Communications: If it is not possible to communicate with one or several control units, it can be tempting to jump the gun and condemn a control unit. Multiple network U codes can be caused by power and ground issues, water ingress into connectors (short circuit), the poor fitment of aftermarket devices (entertainment systems), interference from the starter motor, simple wiring problems or a shorted component (such as the Citroen EGR valve problem). A good CAN test plan will help flush out the root cause.

Fault Cluster Analysis: Where codes and perhaps several codes are present, the examination of a common factor or link should be the guiding principle. Analysis of a decent wiring diagram should be made and a test plan defined based on this research. Signals, powers and grounds (including relays, fuses and the battery condition) should be examined (see our dillondiagnostics YouTube ‘TFSi video’ for an example).

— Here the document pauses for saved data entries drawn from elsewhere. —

Lemma unitmx_addJ : L + J \in unitmx.
Proof.
rewrite -row_free_unit; apply: inj_row_free => v vLJ0.
have sum_v0 : \sum_k v 0 k = 0.
  have := congr1 (fun M => (M *m ones) 0 0) vLJ0.
  rewrite mul0mx -mulmxA mulmxDl mulmx_ones avg_mx_ones add0r !mxE.
  by under eq_bigr do rewrite mxE mulr1.
have vJ0 : v *m J = 0.
  apply/matrixP => i j; rewrite (ord1 i) !mxE; under eq_bigr do rewrite avg_mxE.
  by rewrite -big_distrl /= sum_v0 mul0r.
have vL0 : v *m L = 0 by move: vLJ0; rewrite mulmxDr vJ0 addr0.
pose i0 := Ordinal n_gt0.
have v_i0 : v 0 i0 = 0.
  have : \sum_(k < n) v 0 i0 = 0.
    by rewrite -[RHS]sum_v0; apply: eq_bigr => k _; apply: kerL.
  rewrite sumr_const card_ord => /eqP.
  by rewrite mulrn_eq0 (negPf (lt0n_neq0 n_gt0)) => /eqP.
by apply/matrixP => i j; rewrite (ord1 i) (kerL vL0 j i0) v_i0 mxE.
Qed.

Let unitLJ := unitmx_addJ.

Lemma avg_mx_invmx_addJ : J *m invmx (L + J) = J.
Proof.
have JLJ : J *m (L + J) = J by rewrite mulmxDr avg_mx_mulmx avg_mx_idem add0r.
by rewrite -{1}JLJ -mulmxA mulmxV // mulmx1.
Qed.

Lemma invmx_addJ_avg_mx : invmx (L + J) *m J = J.
Proof.
have LJJ : (L + J) *m J = J by rewrite mulmxDl mulmx_avg_mx avg_mx_idem add0r.
by rewrite -[X in _ *m X = _]LJJ mulmxA mulVmx // mul1mx.
Qed.

Lemma mulmx_lap_pinv : L *m X = 1%:M - J.
Proof.
rewrite mulmxBr mulmx_avg_mx subr0 -[LHS](addrK (J *m invmx (L + J))) -mulmxDl.
by rewrite mulmxV // avg_mx_invmx_addJ.
Qed.

Lemma lap_pinv_mulmx : X *m L = 1%:M - J.
Proof.
rewrite mulmxBl avg_mx_mulmx subr0 -[LHS](addrK (invmx (L + J) *m J)) -mulmxDr.
by rewrite mulVmx // invmx_addJ_avg_mx.
Qed.

Lemma avg_mx_lap_pinv : J *m X = 0.
Proof. by rewrite mulmxBr avg_mx_invmx_addJ avg_mx_idem subrr. Qed.

Lemma trmx_lap_pinv : X^T = X.
Proof. by rewrite /lap_pinv linearB /= trmx_avg_mx trmx_inv linearD /= symL trmx_avg_mx. Qed.

Lemma mulmx_lap_pinvK : L *m X *m L = L.
Proof. by rewrite mulmx_lap_pinv mulmxBl mul1mx avg_mx_mulmx subr0. Qed.

Lemma lap_pinv_mulmxK : X *m L *m X = X.
Proof. by rewrite lap_pinv_mulmx mulmxBl mul1mx avg_mx_lap_pinv subr0. Qed.

Lemma lap_pinv_quad_form (Y : 'M[F]_n) (u : 'cV[F]_n) :
  L *m Y *m L = L -> J *m u = 0 -> u^T *m Y *m u = u^T *m X *m u.
Proof.
move=> LYL Ju0.
have [w ->] : exists w, u = L *m w.
  by exists (X *m u); rewrite mulmxA mulmx_lap_pinv mulmxBl mul1mx Ju0 subr0.
have sandwich Z : (L *m w)^T *m Z *m (L *m w) = w^T *m (L *m Z *m L) *m w.
  by rewrite trmx_mul symL !mulmxA.
by rewrite !sandwich LYL mulmx_lap_pinvK.
Qed.

Lemma mulmx_scale_addJ (c : F) : c != 0 -> (c^-1 *: L + J) *m (c *: X + J) = 1%:M.
Proof.
move=> c0; rewrite mulmxDl !mulmxDr -!scalemxAl -!scalemxAr scalerA mulVf // scale1r.
by rewrite mulmx_lap_pinv mulmx_avg_mx avg_mx_lap_pinv avg_mx_idem !scaler0 addr0 add0r subrK.
Qed.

Don’t simply rely on resistance checks; remember, a single strand in a multi strand cable will pass a resistance test, but won’t pass the required current.

Looking beyond

In common with other fault codes, Internal ECU Error codes don’t always mean what they say. They can be caused by shorted sensor signal supply or other sensor or actuator failures. In some cases, a failed actuator can physically damage a control unit, or the operation of that circuit could be suspended due to self-protection current limiting. One tip is to use a low current test light (500ma or less) in place of the faulty component and use the scan tool actuator test to attempt to drive the substitute load. This will (dis)prove the function of that driver circuit.

Consider that the sensor supply circuit can be affected by a short to ground. A single sensor can pull down multiple sensor supplies, and give the impression that the ‘M’ is in trouble. In this case, the OEM wiring diagram is your friend. It may be necessary to disconnect suspected components whilst measuring the reference voltage to check if it returns. In summing up, the key to diagnostic success is being able to measure the right thing, in the right way, at the right time, with the right tool. This is likely to involve multiple tools and a reasonable amount of time and skill.